Almost immediately after discovering Type 1 superconductivity in 1913, Kamerlingh Onnes constructed a superconducting electromagnet, using lead wire, and to his great dismay he found that the magnetic field destroyed the superconducting state! The quest was on for a superconducting material which would not have its properties switched off by using it to generate magnetic fields. It was not until around 1960 that researchers in the Western world discovered Type 2 superconductivity, in materials that would carry very large currents and generate intense magnetic fields. This was the beginning of widespread technological applications of superconductivity. BUT! This discovery had already been made in Soviet Russia back in 1936, and this discovery was almost immediately lost to science. It's important to realize that science always has to fight for survival in authoritarian regimes, and it is always at the mercy of paranoia and ideology. Although modern physics really began in Germany, the coming of the Nazis in 1933 gradually decimated the faculties of the major research universities in Germany and Italy... with physicists of the caliber of Einstein, Fermi, Bethe, Wigner and dozens of others winding up in the US. In Soviet Russia, the official embrace of the crackpot ideas of plant breeder Lysenko, and protests against those ideas by the country's leading geneticists, resulted in those geneticists being sent to Siberian labor camps! The discovery of Type 2 superconductivity was made by Russian physicists Shubnikov, Khotkevich, Shepelev and Rjabinin in 1936. Unfortunately Russia's leading theoretical physicist of the day, Lev Landau, had ideas about superconductivity that were directly contradicted by the discovery, and he did not abandon them. Even worse, in the paranoid climate of Stalin's Russia, Shubnikov was accused of being a spy, and executed without trial! Even Landau, who had no direct connection to the Shubnikov laboratory at Kharkov, was arrested and held in prison for a year. As a result of this horrific history, Type 2 superconductivity was unknown until it was rediscovered 25 years later by John Kunzler and colleagues at Bell Labs.

Unlike Type 1 superconductors, which exhibit an abrupt and complete transition to superconductivity, the Type 2 superconductors transition gradually, in a mixed state of normal and super-conductivity which as the temperature is lowered, gradually becomes fully superconducting. Most type 2 superconductors are incredibly complex chemical combinations of several very different atoms. All “high temperature” superconductors are Type 2, and modern research is studying more and more exotic and complex compounds in hopes of finding superconductivity at temperatures not too far below room temperature. So far, despite intense effort, not much progress has been reported, and it is possible researchers are running up against a natural limit.

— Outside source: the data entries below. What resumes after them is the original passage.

Lemma hess11_Fbeta (beta r a b : R) : 0 < a -> 0 < b -> a + b < 1 ->
  hess11 (Fbeta beta r) a b = -3 + / beta * (/ a + / (1 - a - b)).
Proof.
  intros Ha Hb Hab. unfold hess11, Defs.d1 at 1.
  apply (Derive_on_interval _ (fun t => grad1 beta r t b) 0 (1 - b)); [lra| |].
  - intros y Hy. apply d1_Fbeta; lra.
  - unfold grad1. auto_derive; [repeat split; lra|].
    replace (1 + - a + - b) with (1 - a - b) by ring. generalize (/ beta). intro. field. lra.
Qed.

Lemma hess12_Fbeta (beta r a b : R) : 0 < a -> 0 < b -> a + b < 1 ->
  hess12 (Fbeta beta r) a b = -3 / 2 + / beta * / (1 - a - b).
Proof.
  intros Ha Hb Hab. unfold hess12, Defs.d2 at 1.
  apply (Derive_on_interval _ (fun s => grad1 beta r a s) 0 (1 - a)); [lra| |].
  - intros y Hy. apply d1_Fbeta; lra.
  - unfold grad1. auto_derive; [repeat split; lra|].
    replace (1 + - a + - b) with (1 - a - b) by ring. generalize (/ beta). intro. field. lra.
Qed.

Lemma hess21_Fbeta (beta r a b : R) : 0 < a -> 0 < b -> a + b < 1 ->
  hess21 (Fbeta beta r) a b = -3 / 2 + / beta * / (1 - a - b).
Proof.
  intros Ha Hb Hab. unfold hess21, Defs.d1 at 1.
  apply (Derive_on_interval _ (fun t => grad1 beta r b t) 0 (1 - b)); [lra| |].
  - intros y Hy. apply d2_Fbeta; lra.
  - unfold grad1. auto_derive; [repeat split; lra|].
    replace (1 + - b + - a) with (1 - a - b) by ring. generalize (/ beta). intro. field. lra.
Qed.

Lemma hess22_Fbeta (beta r a b : R) : 0 < a -> 0 < b -> a + b < 1 ->
  hess22 (Fbeta beta r) a b = -3 + / beta * (/ b + / (1 - a - b)).
Proof.
  intros Ha Hb Hab. unfold hess22, Defs.d2 at 1.
  apply (Derive_on_interval _ (fun s => grad1 beta r s a) 0 (1 - a)); [lra| |].
  - intros y Hy. apply d2_Fbeta; lra.
  - unfold grad1. auto_derive; [repeat split; lra|].
    replace (1 + - b + - a) with (1 - a - b) by ring. generalize (/ beta). intro. field. lra.
Qed.

Definition eig_sym (beta t : R) : R := -9 / 2 + / beta * / (t * (1 - 2 * t)).
Definition eig_anti (beta t : R) : R := -3 / 2 + / beta * / t.

Lemma eigenvalue2_eig_sym (beta r t : R) : 0 < t < 1 / 2 ->
  eigenvalue2 (hess11 (Fbeta beta r) t t) (hess12 (Fbeta beta r) t t)
    (hess21 (Fbeta beta r) t t) (hess22 (Fbeta beta r) t t) (eig_sym beta t).
Proof.
  intros Ht. rewrite hess11_Fbeta, hess12_Fbeta, hess21_Fbeta, hess22_Fbeta by lra.
  exists 1, 1. unfold eig_sym. generalize (/ beta). intro.
  split; [left; lra | split; field; lra].
Qed.

Lemma eigenvalue2_eig_anti (beta r t : R) : 0 < t < 1 / 2 ->
  eigenvalue2 (hess11 (Fbeta beta r) t t) (hess12 (Fbeta beta r) t t)
    (hess21 (Fbeta beta r) t t) (hess22 (Fbeta beta r) t t) (eig_anti beta t).
Proof.
  intros Ht. rewrite hess11_Fbeta, hess12_Fbeta, hess21_Fbeta, hess22_Fbeta by lra.
  exists 1, (-1). unfold eig_anti. generalize (/ beta). intro.
  split; [left; lra | split; field; lra].
Qed.

Lemma saddle_diag (beta r t : R) : 0 < t < 1 / 2 -> grad1 beta r t t = 0 ->
  eig_sym beta t * eig_anti beta t < 0 -> saddle (Fbeta beta r) t t.
Proof.
  intros Ht Hc Hprod.
  pose proof (eigenvalue2_eig_sym beta r t Ht) as Es.
  pose proof (eigenvalue2_eig_anti beta r t Ht) as Ea.
  split; [unfold in_Xi; lra|].
  split; [split; rewrite <- Hc; [apply Fbeta_derive1 | apply Fbeta_derive2]; lra|].
  destruct (Rlt_le_dec 0 (eig_sym beta t)) as [Hs|Hs].
  - assert (eig_anti beta t < 0) by nra. split; eexists; split; eassumption.
  - assert (0 < eig_anti beta t) by nra.
    assert (eig_sym beta t < 0) by nra.
    split; eexists; split; eassumption.
Qed.

Lemma Fpotts_sub_diag (beta r t y1 y2 : R) : 0 < t < 1 / 2 ->
  0 < y1 -> 0 < y2 -> y1 + y2 < 1 ->
  Fpotts beta r y1 y2 - Fpotts beta r t t =
  - 3 / 4 * ((y1 - t) ^ 2 + (y2 - t) ^ 2 + (y1 + y2 - 2 * t) ^ 2)
  + / beta * ((1 - 2 * t) * bregman_xlnx ((1 - y1 - y2) / (1 - 2 * t))
              + t * bregman_xlnx (y1 / t) + t * bregman_xlnx (y2 / t))
  + (y1 + y2 - 2 * t) * grad1 beta r t t.
Proof.
  intros Ht Hy1 Hy2 Hy.
  unfold Fpotts, xln3x, bregman_xlnx, grad1.
  rewrite (ln_div (1 - y1 - y2)), (ln_div y1), (ln_div y2) by lra.
  rewrite (ln_mult 3 (1 - y1 - y2)), (ln_mult 3 y1), (ln_mult 3 y2), (ln_mult 3 t),
    (ln_mult 3 (1 - t - t)) by lra.
  replace (1 - t - t) with (1 - 2 * t) by ring.
  generalize (/ beta). intro. field. lra.
Qed.

Definition diag_form (beta t k d1 d2 : R) : R :=
  (d1 + d2) ^ 2 * (eig_sym beta t - 9 / 2 * (k - 1))
  + (d1 - d2) ^ 2 * (eig_anti beta t - 3 / 2 * (k - 1)).

Lemma Fpotts_near_diag (beta r t eta y1 y2 : R) : 0 < beta -> 0 < t < 1 / 3 ->
  0 <= eta <= 1 / 2 -> grad1 beta r t t = 0 ->
  Rabs (y1 - t) < eta * t / 2 -> Rabs (y2 - t) < eta * t / 2 ->
  diag_form beta t (1 + eta) (y1 - t) (y2 - t)
    <= 4 * (1 + eta) * (Fpotts beta r y1 y2 - Fpotts beta r t t) /\
  4 * (1 - eta) * (Fpotts beta r y1 y2 - Fpotts beta r t t)
    <= diag_form beta t (1 - eta) (y1 - t) (y2 - t).
Proof.
  intros Hb Ht He Hc H1 H2.
  apply Rabs_lt_between in H1, H2.
  assert (Het : eta * t <= t / 2) by nra.
  assert (Het' : eta * t <= eta * (1 - 2 * t)) by nra.
  destruct (scaled_bregman_xlnx_quadratic eta (1 - 2 * t) (1 - y1 - y2)) as [L0 U0];
    [lra | lra | apply Rabs_le_between; nra |].
  destruct (scaled_bregman_xlnx_quadratic eta t y1) as [L1 U1];
    [lra | lra | apply Rabs_le_between; nra |].
  destruct (scaled_bregman_xlnx_quadratic eta t y2) as [L2 U2];
    [lra | lra | apply Rabs_le_between; nra |].
  rewrite Fpotts_sub_diag, Hc by nra.
  set (A := (1 - 2 * t) * bregman_xlnx ((1 - y1 - y2) / (1 - 2 * t))
            + t * bregman_xlnx (y1 / t) + t * bregman_xlnx (y2 / t)).
  set (T := (y1 - t) ^ 2 / t + (y2 - t) ^ 2 / t + (y1 + y2 - 2 * t) ^ 2 / (1 - 2 * t)).
  assert (HT : T <= 2 * (1 + eta) * A /\ 2 * (1 - eta) * A <= T).
  { unfold T, A. replace ((y1 + y2 - 2 * t) ^ 2) with ((1 - y1 - y2 - (1 - 2 * t)) ^ 2)
      by ring. lra. }
  assert (Hform : forall k, diag_form beta t k (y1 - t) (y2 - t) =
    2 * / beta * T - 3 * k * ((y1 - t) ^ 2 + (y2 - t) ^ 2 + (y1 + y2 - 2 * t) ^ 2)).
  { intro k. unfold diag_form, eig_sym, eig_anti, T. field. lra. }
  rewrite !Hform.
  pose proof (Rinv_0_lt_compat beta Hb). split; nra.
Qed.

Lemma Rabs_lt_of_sum_sq (a b e : R) : 0 < e -> a ^ 2 + b ^ 2 < e ^ 2 -> Rabs a < e.
Proof. intros He H. apply Rabs_def1; nra. Qed.

Lemma local_min_diag (beta r t : R) : 0 < beta -> 0 < t < 1 / 3 -> grad1 beta r t t = 0 ->
  0 < eig_sym beta t -> 0 < eig_anti beta t -> local_min_Xi (Fbeta beta r) t t.
Proof.
  intros Hb Ht Hc Hs Ha.
  set (eta := Rmin (1 / 2) (Rmin (2 / 9 * eig_sym beta t) (2 / 3 * eig_anti beta t))).
  assert (He : 0 < eta) by (unfold eta; repeat apply Rmin_glb_lt; lra).
  assert (He1 : eta <= 1 / 2) by apply Rmin_l.
  assert (He2 : eta <= 2 / 9 * eig_sym beta t)
    by (eapply Rle_trans; [apply Rmin_r | apply Rmin_l]).
  assert (He3 : eta <= 2 / 3 * eig_anti beta t)
    by (eapply Rle_trans; [apply Rmin_r | apply Rmin_r]).
  split; [unfold in_Xi; lra|].
  exists (eta * t / 2). split; [nra|].
  intros y1 y2 _ Hd.
  destruct (Fpotts_near_diag beta r t eta y1 y2) as [Hlow _]; try lra.
  - apply (Rabs_lt_of_sum_sq _ (y2 - t)); nra.
  - apply (Rabs_lt_of_sum_sq _ (y1 - t)); nra.
  - assert (0 <= diag_form beta t (1 + eta) (y1 - t) (y2 - t)).
    { unfold diag_form. apply Rplus_le_le_0_compat;
        apply Rmult_le_pos; try apply pow2_ge_0; lra. }
    rewrite !Fbeta_Fpotts. nra.
Qed.

Lemma local_max_diag (beta r t : R) : 0 < beta -> 0 < t < 1 / 3 -> grad1 beta r t t = 0 ->
  eig_sym beta t < 0 -> eig_anti beta t < 0 -> local_max_Xi (Fbeta beta r) t t.
Proof.
  intros Hb Ht Hc Hs Ha.
  set (eta := Rmin (1 / 2) (Rmin (- 2 / 9 * eig_sym beta t) (- 2 / 3 * eig_anti beta t))).
  assert (He : 0 < eta) by (unfold eta; repeat apply Rmin_glb_lt; lra).
  assert (He1 : eta <= 1 / 2) by apply Rmin_l.
  assert (He2 : eta <= - 2 / 9 * eig_sym beta t)
    by (eapply Rle_trans; [apply Rmin_r | apply Rmin_l]).
  assert (He3 : eta <= - 2 / 3 * eig_anti beta t)
    by (eapply Rle_trans; [apply Rmin_r | apply Rmin_r]).
  split; [unfold in_Xi; lra|].
  exists (eta * t / 2). split; [nra|].
  intros y1 y2 _ Hd.
  destruct (Fpotts_near_diag beta r t eta y1 y2) as [_ Hup]; try lra.
  - apply (Rabs_lt_of_sum_sq _ (y2 - t)); nra.
  - apply (Rabs_lt_of_sum_sq _ (y1 - t)); nra.
  - assert (diag_form beta t (1 - eta) (y1 - t) (y2 - t) <= 0).
    { unfold diag_form.
      assert (0 <= (y1 - t + (y2 - t)) ^ 2) by apply pow2_ge_0.
      assert (0 <= (y1 - t - (y2 - t)) ^ 2) by apply pow2_ge_0.
      nra. }
    rewrite !Fbeta_Fpotts. nra.
Qed.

Lev Shubnikov (1901 – 1937)

John Eugene Kunzler (1923 – 2006)

We have encountered the spin-spin interaction over and over lately, but it is no more mysterious than the interaction between two toy bar magnets. When the magnetic moments of the bar magnets point in the same direction, they obviously repel. But if the magnetic moments point in opposite directions, they obviously attract. Electrons themselves, and all charged fundamental point fermions, have an intrinsic magnetic moment parallel to their spin direction, and the spin of fundamental fermions is always s = 1/2. So two fundamental point fermions will always attract if their total spin is 0, and if there is an S = 1 state, it will have a higher excitation energy than the S = 0 state of the same system.  But notice both combinations are bosons.